Liposomal nanomedicines have emerged as efficient drug carriers. These nanomedicines can passively accumulate in tumours/inflammation through the enhanced permeation and retention (EPR) phenomenon while reducing off-site drug toxicity. However, tumoral targeting can be variable, leading to heterogeneous uptake among tumour types and fluctuating clinical efficacies in patients. While nuclear imaging (e.g., PET and SPECT) provides valuable spatiotemporal (whole-body biodistribution) information and informed clinical management, it requires long-lived radionuclides and produces high radiation doses. Therefore, pretargeted nuclear imaging could improve our ability to study nanomedicine with the advantage of lower radiation doses and allow the use of short-lived radionuclides that would not otherwise be compatible with the long half-life of PEGylated liposomes.

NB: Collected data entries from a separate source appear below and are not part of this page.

(* Let $G$ be an $r$-regular graph with $k$ vertices, and for $d\ge 1$ let $G^d$ denote the join of $d$ identical copies of $G$. Then there exists a natural number $d_0$ such that for all $d\ge d_0$, $G^d$ is a Ramanujan graph.
   Context: All graphs are finite, simple and undirected. The join of graphs $G_1,\ldots,G_d$ is obtained from their disjoint union by adding an edge between every vertex of $G_i$ and every vertex of $G_j$ for all $i\ne j$. A connected $r$-regular graph with adjacency eigenvalues $\lambda_1\ge\cdots\ge\lambda_m$ (so $|\lambda_i|\le r$) is a Ramanujan graph if $\max_{|\lambda_i|<r}|\lambda_i|\le 2\sqrt{r-1}$. *)

From HB Require Import structures.
From mathcomp Require Import all_boot all_order all_algebra.
From mathcomp Require Import reals.
Set Implicit Arguments. Unset Strict Implicit. Unset Printing Implicit Defensive.
Import Order.TTheory GRing.Theory Num.Theory.
Local Open Scope ring_scope.

Definition simple_graph (V : finType) (e : rel V) : Prop :=
  symmetric e /\ irreflexive e.

Definition regular (V : finType) (e : rel V) (r : nat) : Prop :=
  forall v : V, #|[set u | e v u]| = r.

Definition connected_graph (V : finType) (e : rel V) : Prop :=
  forall x y : V, connect e x y.

Definition adjmx (R : realType) (V : finType) (e : rel V) : 'M[R]_#|V| :=
  \matrix_(i, j) ((e (enum_val i) (enum_val j))%:R : R).

(* Connected r-regular graph whose eigenvalues lambda with |lambda| < r
   satisfy |lambda| <= 2 sqrt(r-1).  (Adjacency matrices are real symmetric,
   so all their eigenvalues lie in R.) *)
Definition ramanujan (R : realType) (V : finType) (e : rel V) (r : nat) : Prop :=
  connected_graph e /\ regular e r /\
  forall lam : R, eigenvalue (adjmx R e) lam ->
    `|lam| < r%:R -> `|lam| <= 2 * Num.sqrt (r%:R - 1).

Definition join_copies (V : finType) (e : rel V) (d : nat) : rel ('I_d * V)%type :=
  fun x y => ((x.1 == y.1) && e x.2 y.2) || (x.1 != y.1).
Arguments join_copies {V} e d.

From mathcomp Require Import all_boot all_order all_algebra.
From mathcomp Require Import reals ring lra zify.
Set Implicit Arguments. Unset Strict Implicit. Unset Printing Implicit Defensive.
Import Order.TTheory GRing.Theory Num.Theory.
Local Open Scope ring_scope.

(* The join of d copies of a k-vertex r-regular graph is r'-regular with
   r' = r + (d-1)k.  Let f be an eigenvector for lam and S_i its sum over
   the i-th copy.  The eigen-equation gives lam S_i = r S_i + k (S - S_i), with
   S the total sum, hence lam S = r' S.  So either lam = r', or S = 0 and
   (lam - (r - k)) S_i = 0 for all i: then lam = r - k, or every S_i vanishes
   and f restricted to each copy is an eigenvector of G, so |lam| <= r.  In all
   cases |lam| <= k, and k <= 2 sqrt(r' - 1) as soon as (d-1)k > k^2. *)

Lemma regular_sum_adj (R : pzSemiRingType) (V : finType) (e : rel V) (r : nat) w :
  regular e r -> \sum_(u : V) ((e w u)%:R : R) = r%:R.
Proof.
move=> er; rewrite -(er w) -natr_sum; congr _%:R.
rewrite -sum1_card [RHS]big_mkcond /=.
by apply: eq_bigr => u _; rewrite inE; case: (e w u).
Qed.

Lemma regular_eigen_norm_le (R : realDomainType) (V : finType) (e : rel V)
    (r : nat) (f : V -> R) (lam : R) :
  symmetric e -> regular e r ->
  (forall u, lam * f u = \sum_w f w * (e w u)%:R) -> (exists u, f u != 0) ->
  `|lam| <= r%:R.
Proof.
move=> esym er eig [u0 fu0].
set m := [arg max_(u > u0) `|f u|]%O.
have f_le_m u : `|f u| <= `|f m| by rewrite /m; case: arg_maxP => // j _; apply.
have fm_gt0 : 0 < `|f m| by apply: lt_le_trans (f_le_m u0); rewrite normr_gt0.
rewrite -(ler_pM2r fm_gt0) -normrM eig.
apply: le_trans (ler_norm_sum _ _ _) _.
rewrite -(regular_sum_adj R m er) mulr_suml; apply: ler_sum => w _.
rewrite normrM normr_nat (esym w m) mulrC.
by apply: ler_wpM2l; [rewrite ler0n | apply: f_le_m].
Qed.

Lemma join_regular (V : finType) (e : rel V) (r d : nat) :
  regular e r -> regular (join_copies e d) (r + d.-1 * #|V|).
Proof.
move=> er x.
set inner := [set (x.1, w) | w in [set w | e x.2 w]].
set outer := setX [set~ x.1] [set: V].
have -> : [set y | join_copies e d x y] = inner :|: outer.
  apply/setP => -[j w]; rewrite !inE /join_copies /=.
  case: eqP => [<-|ne] /=.
    rewrite eqxx /= !orbF; apply/idP/imsetP => [ew | [w' + [->]]].
      by exists w; rewrite ?inE.
    by rewrite inE.
  by rewrite andbT eq_sym; apply/esym/orP; right; apply/eqP.
have disj : [disjoint inner & outer].
  apply/pred0P => -[j w] /=; apply/negP => /andP[/imsetP[w' _ [-> _]]].
  by rewrite !inE eqxx.
rewrite cardsU (disjoint_setI0 disj) cards0 subn0 card_imset; last by move=> a b [].
by rewrite cardsX cardsC1 card_ord cardsT er.
Qed.

Lemma join_connected (V : finType) (e : rel V) (d : nat) :
  (2 <= d)%N -> connected_graph (join_copies e d).
Proof.
move=> d_ge2 x y; case: (eqVneq x.1 y.1) => [eq_xy|ne_xy]; last first.
  by apply: connect1; rewrite /join_copies /= ne_xy orbT.
have : (0 < #|[set~ x.1]|)%N by rewrite cardsC1 card_ord; lia.
case/card_gt0P => j; rewrite !inE => ne_j.
apply: (connect_trans (y := (j, x.2))); apply: connect1.
  by rewrite /join_copies /= eq_sym ne_j orbT.
by rewrite /join_copies /= -eq_xy ne_j orbT.
Qed.

Section JoinEigenvector.

Variables (R : realDomainType) (V : finType) (e : rel V) (r d : nat).
Variables (f : 'I_d * V -> R) (lam : R).
Hypothesis esym : symmetric e.
Hypothesis er : regular e r.
Hypothesis eig : forall x, lam * f x = \sum_y f y * (join_copies e d y x)%:R.

Let S i := \sum_(w : V) f (i, w).
Let total := \sum_(i : 'I_d) S i.

Lemma join_eigen_block i u :
  lam * f (i, u) = \sum_(w : V) f (i, w) * (e w u)%:R + (total - S i).
Proof.
rewrite eig (eq_bigr (fun y => f (y.1, y.2) * (join_copies e d (y.1, y.2) (i, u))%:R));
  last by case.
rewrite -(pair_bigA _ (fun j w => f (j, w) * (join_copies e d (j, w) (i, u))%:R)) /=.
rewrite (bigD1 i) //= /total [in RHS](bigD1 i) //= [X in _ + (X - _)]addrC addrK.
congr (_ + _); first by apply: eq_bigr => w _; rewrite /join_copies /= eqxx orbF.
apply: eq_bigr => j ne_j; apply: eq_bigr => w _.
by rewrite /join_copies /= (negbTE ne_j) mulr1.
Qed.

Lemma join_eigen_blocksum i : lam * S i = r%:R * S i + #|V|%:R * (total - S i).
Proof.
rewrite /S mulr_sumr (eq_bigr _ (fun u _ => join_eigen_block i u)) big_split /=.
rewrite sumr_const exchange_big /= -[_ *+ #|_|]mulr_natl; congr (_ + _).
rewrite mulr_sumr; apply: eq_bigr => w _.
by rewrite -mulr_sumr (regular_sum_adj R w er) mulrC.
Qed.

Lemma join_eigen_total : lam * total = r%:R * total + #|V|%:R * (d%:R * total - total).
Proof.
rewrite /total mulr_sumr (eq_bigr _ (fun i _ => join_eigen_blocksum i)) big_split /=.
by rewrite -!mulr_sumr sumrB sumr_const card_ord -[_ *+ d]mulr_natl.
Qed.

Lemma join_blocksums_eq0 : total = 0 -> lam != r%:R - #|V|%:R -> forall i, S i = 0.
Proof.
move=> total0 ne_lam i; apply/eqP.
have : (lam - (r%:R - #|V|%:R)) * S i == 0.
  by rewrite mulrBl join_eigen_blocksum total0; apply/eqP; ring.
by rewrite mulf_eq0 subr_eq0 (negbTE ne_lam).
Qed.

Lemma join_eigenvalue_cases :
  (exists x, f x != 0) -> lam = (r + d.-1 * #|V|)%:R \/ `|lam| <= #|V|%:R.
Proof.
move=> [x0 fx0].
have d_gt0 : (0 < d)%N by apply: leq_ltn_trans (ltn_ord x0.1).
have r_le : (r <= #|V|)%N by rewrite -(er x0.2) max_card.
have [->|ne_top] := eqVneq lam (r + d.-1 * #|V|)%:R; [by left | right].
have total0 : total = 0.
  have : (lam - (r + d.-1 * #|V|)%:R) * total == 0.
    by rewrite mulrBl join_eigen_total natrD natrM -subn1 natrB //; apply/eqP; ring.
  by rewrite mulf_eq0 subr_eq0 (negbTE ne_top) => /eqP.
have [->|ne_low] := eqVneq lam (r%:R - #|V|%:R).
  have : (r%:R : R) <= #|V|%:R by rewrite ler_nat.
  have : (0 : R) <= r%:R by rewrite ler0n.
  by rewrite ler_norml => ? ?; apply/andP; split; lra.
move: x0 fx0 => [i u] fx0.
apply: le_trans (_ : (r%:R : R) <= _); last by rewrite ler_nat.
apply: (regular_eigen_norm_le (f := fun w => f (i, w)) esym er); last by exists u.
by move=> w; rewrite join_eigen_block (join_blocksums_eq0 total0 ne_low) total0 subr0 addr0.
Qed.

End JoinEigenvector.

Lemma adjmx_eigenvector (R : realType) (V : finType) (e : rel V) (lam : R) :
  eigenvalue (adjmx R e) lam ->
  exists2 f : V -> R, (exists x, f x != 0) &
    forall x, lam * f x = \sum_y f y * (e y x)%:R.
Proof.
move=> /eigenvalueP[v eig_v v_neq0]; exists (fun x => v 0 (enum_rank x)).
  apply/existsP; apply: contraNT v_neq0 => /existsPn v0.
  by apply/eqP/rowP => j; have := v0 (enum_val j); rewrite enum_valK negbK mxE => /eqP.
move=> x; move/rowP: eig_v => /(_ (enum_rank x)); rewrite !mxE => <-.
rewrite (reindex enum_rank) /=; last by apply: onW_bij; exact: enum_rank_bij.
by apply: eq_bigr => y _; rewrite mxE !enum_rankK.
Qed.

Lemma natr_le_two_sqrt (R : rcfType) (k m : nat) :
  (k ^ 2 < m)%N -> (k%:R : R) <= 2 * Num.sqrt (m%:R - 1).
Proof.
move=> lt_km.
have km : (k%:R : R) ^+ 2 <= m%:R - 1 by rewrite lerBrDr -natrX natr1 ler_nat; lia.
have sq_le : (k%:R : R) <= Num.sqrt (m%:R - 1).
  by move: (km); rewrite -(ler_sqrt _ (le_trans (sqr_ge0 _) km)) sqrtr_sqr ger0_norm ?ler0n.
have := sqrtr_ge0 (m%:R - 1 : R); lra.
Qed.

Unset Implicit Arguments.
Theorem mainTheorem6 (R : realType) (V : finType) (e : rel V) (r k : nat) :
  simple_graph e -> regular e r -> #|V| = k -> (0 < k)%N ->
  exists d0 : nat, forall d : nat, (1 <= d)%N -> (d0 <= d)%N ->
    exists r' : nat, @ramanujan R _ (join_copies e d) r'.
Proof.
move=> [esym _] er card_V k_gt0; exists k.+2 => d _ d_ge.
exists (r + d.-1 * #|V|)%N; split; first by apply: join_connected; lia.
split; first exact: join_regular.
move=> lam /adjmx_eigenvector[f f_neq0 eig] lt_lam.
have [lam_top|lam_le_k] := join_eigenvalue_cases esym er eig f_neq0.
  by rewrite lam_top ger0_norm ?ltxx ?ler0n in lt_lam.
apply: le_trans lam_le_k (natr_le_two_sqrt _ _); rewrite card_V; nia.
Qed.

In this thesis we have explored two strategies for pretargeted imaging of liposomal nanomedicines. Chapter 2 reports a novel metal chelation pretargeting system based on tris(hydroxypyridinone)(THP). The THP chelator can be radiolabelled at low concentrations with the generator-produced radionuclide gallium-68 (t1/2 = 68 min) at room temperature and physiological conditions with high efficiency, and it could be used to create a novel pretargeted nuclear imaging system for PEGylated liposomes. The bifunctional chelator THP-NCS was conjugated to a DSPE-PEG2000 amine phospholipid and incorporated into the bilayer of the PEGylated liposomes to give THP-PL-liposomes. Pretargeting experiments were performed in vitro under high dilution conditions in serum, showing high THP-PL-liposomes radiolabelling. In vivo imaging experiments were performed in healthy BalB/c mice at multiple time points. Pretargeting group (administration of THP-PL-liposomes, followed either after 5 h or 27 h by neutralised 68Ga3+(68Ga-acetate)) was compared with positive control (administration of directly radiolabelled PEGylated liposomes (67Ga-THP-PL-liposomes)) and negative control (administration of 68Ga-only). At earlier time point, when the liposomes were majorly circulating in the blood, pretargeting was observed, showing radioactive accumulation in the blood pool, heart, liver, and spleen. No difference between the in vivo biodistribution of directly labelled liposomes (positive control) and the pretargeting group was observed, indicating an effective pretargeting. However, lower pretargeting was observed at the later time point, with a slight difference between the pretargeting group and the negative control. These findings suggests that pretargeting via metal chelation is not feasible at the later time point possible due to the inability of the 68Ga to reach the THP-PL-liposomes accumulated in the liver and spleen.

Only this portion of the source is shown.